If there were floods in a particular region for example; “You could literally just type in, “This post code, what’s my exposure?” So you can start using a Q&A, and then potentially use bots. We’re in discussions with Microsoft around the new NOW UI, so that’s pretty cool.”
“We’re literally on a leading edge now with Microsoft: we’re working very heavily in terms of the machine learning exercises, AI, looking at bots, we’re looking at the UI. With Microsoft we can literally be on the crest of their wave in terms of when they bring their products to market; our platform continually develops and is the most innovative platform here and therefore our clients get the benefits of that.”
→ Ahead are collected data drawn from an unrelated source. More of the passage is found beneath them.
(* Let $d\ge1$ and let $G$ be a $d$-regular triangle-free graph on $n$ vertices. Then for every $\lambda>0$, \[ \frac1n\log P_G(\lambda)\;\le\;\frac{1}{2d}\log P_{K_{d,d}}(\lambda)=\frac{1}{2d}\log\big(2(1+\lambda)^d-1\big). \] In particular ($\lambda=1$), $G$ has at most $\big(2^{d+1}-1\big)^{n/(2d)}$ independent sets.
   Context: For a graph $H$ and $\lambda>0$, $P_H(\lambda)=\sum_J\lambda^{|J|}$ summed over all independent sets $J$ of $H$ (including the empty set). $K_{d,d}$ is the complete bipartite graph with parts of size $d$. Logarithms are natural. *)

From Stdlib Require Import Reals List Arith Bool.
Import ListNotations.
Open Scope R_scope.

(* A graph on vertex set {0,...,n-1} is given by adj : nat -> nat -> bool
   (only its values on vertices < n matter). *)

Definition is_simple_graph (n : nat) (adj : nat -> nat -> bool) : Prop :=
  (forall u v, (u < n)%nat -> (v < n)%nat -> adj u v = adj v u) /\
  (forall u, (u < n)%nat -> adj u u = false).

Definition is_regular (n d : nat) (adj : nat -> nat -> bool) : Prop :=
  forall v, (v < n)%nat -> length (filter (adj v) (seq 0 n)) = d.

Definition triangle_free (n : nat) (adj : nat -> nat -> bool) : Prop :=
  forall u v w, (u < n)%nat -> (v < n)%nat -> (w < n)%nat ->
    ~ (adj u v = true /\ adj v w = true /\ adj u w = true).

Fixpoint sublists (l : list nat) : list (list nat) :=
  match l with
  | [] => [[]]
  | x :: t => let r := sublists t in r ++ map (cons x) r
  end.

Definition independentb (adj : nat -> nat -> bool) (S : list nat) : bool :=
  forallb (fun x => forallb (fun y => negb (adj x y)) S) S.

Definition indep_sets (n : nat) (adj : nat -> nat -> bool) : list (list nat) :=
  filter (independentb adj) (sublists (seq 0 n)).

Definition indep_poly (n : nat) (adj : nat -> nat -> bool) (lam : R) : R :=
  fold_right Rplus 0 (map (fun S => lam ^ length S) (indep_sets n adj)).

(* K_{d,d} on vertices {0..2d-1}: parts {0..d-1} and {d..2d-1} *)
Definition Kdd_adj (d : nat) (x y : nat) : bool :=
  xorb (Nat.ltb x d) (Nat.ltb y d).

Definition P_Kdd (d : nat) (lam : R) : R := indep_poly (2 * d) (Kdd_adj d) lam.

(* The occupancy method.  Let Z(t) be the independence polynomial of G and
   alpha(t) = t Z'(t) / (n Z(t)) the expected fraction of vertices occupied by a
   random independent set A with P(A) proportional to t^|A|.  Fix a vertex v and
   condition on the part J of A outside N(v): by triangle-freeness, A inside N(v)
   is then a t-weighted random subset of the y <= d uncovered neighbours of v, those
   with no neighbour in J.  Comparing P(v in A) with the expected number of occupied
   neighbours of v fibre by fibre, and using that (1 - (1+t)^-y) / y decreases in y,
   gives alpha(t) <= t (1+t)^(d-1) / (2(1+t)^d - 1), the occupancy fraction of
   K_{d,d}.  Integrating alpha(t) / t from 0 to lambda yields
   log Z_G(lambda) / n <= log Z_{K_{d,d}}(lambda) / (2d). *)

From Stdlib Require Import Reals List Lra.
From HB Require Import structures.
From mathcomp Require Import all_boot all_order all_algebra Rstruct ring lra.
Import Order.TTheory GRing.Theory Num.Theory.
Set Implicit Arguments. Unset Strict Implicit. Unset Printing Implicit Defensive.

Local Open Scope ring_scope.

Section SumsOverSubsets.
Variable T : finType.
McCarthy also believes that the platform can be leveraged in further ways. “We can really catapult this into the future, creating more efficiency and more effective visualisations and analysis from the core data.
“The banks can already see the power of the platform and what it can deliver today, but also potentially what it could deliver to them tomorrow. And I think that’s where it becomes very, very exciting, where the clients are already saying, “Okay, well, how do I improve my board reports?”
“Because it’s so visual, it’s very insightful; a picture tells a thousand words,” allowing institutions to share insights internally and also with investors and clients shaping both lending strategies and investment decisions.
Already operating on a 30-day release cycle, McCarthy says; “We can continue to develop the platform at a much lower cost because we can provide development once rather than 30 banks doing it 30 times. So we really think we can create this new ecosystem for the industry – for the betterment of the industry.”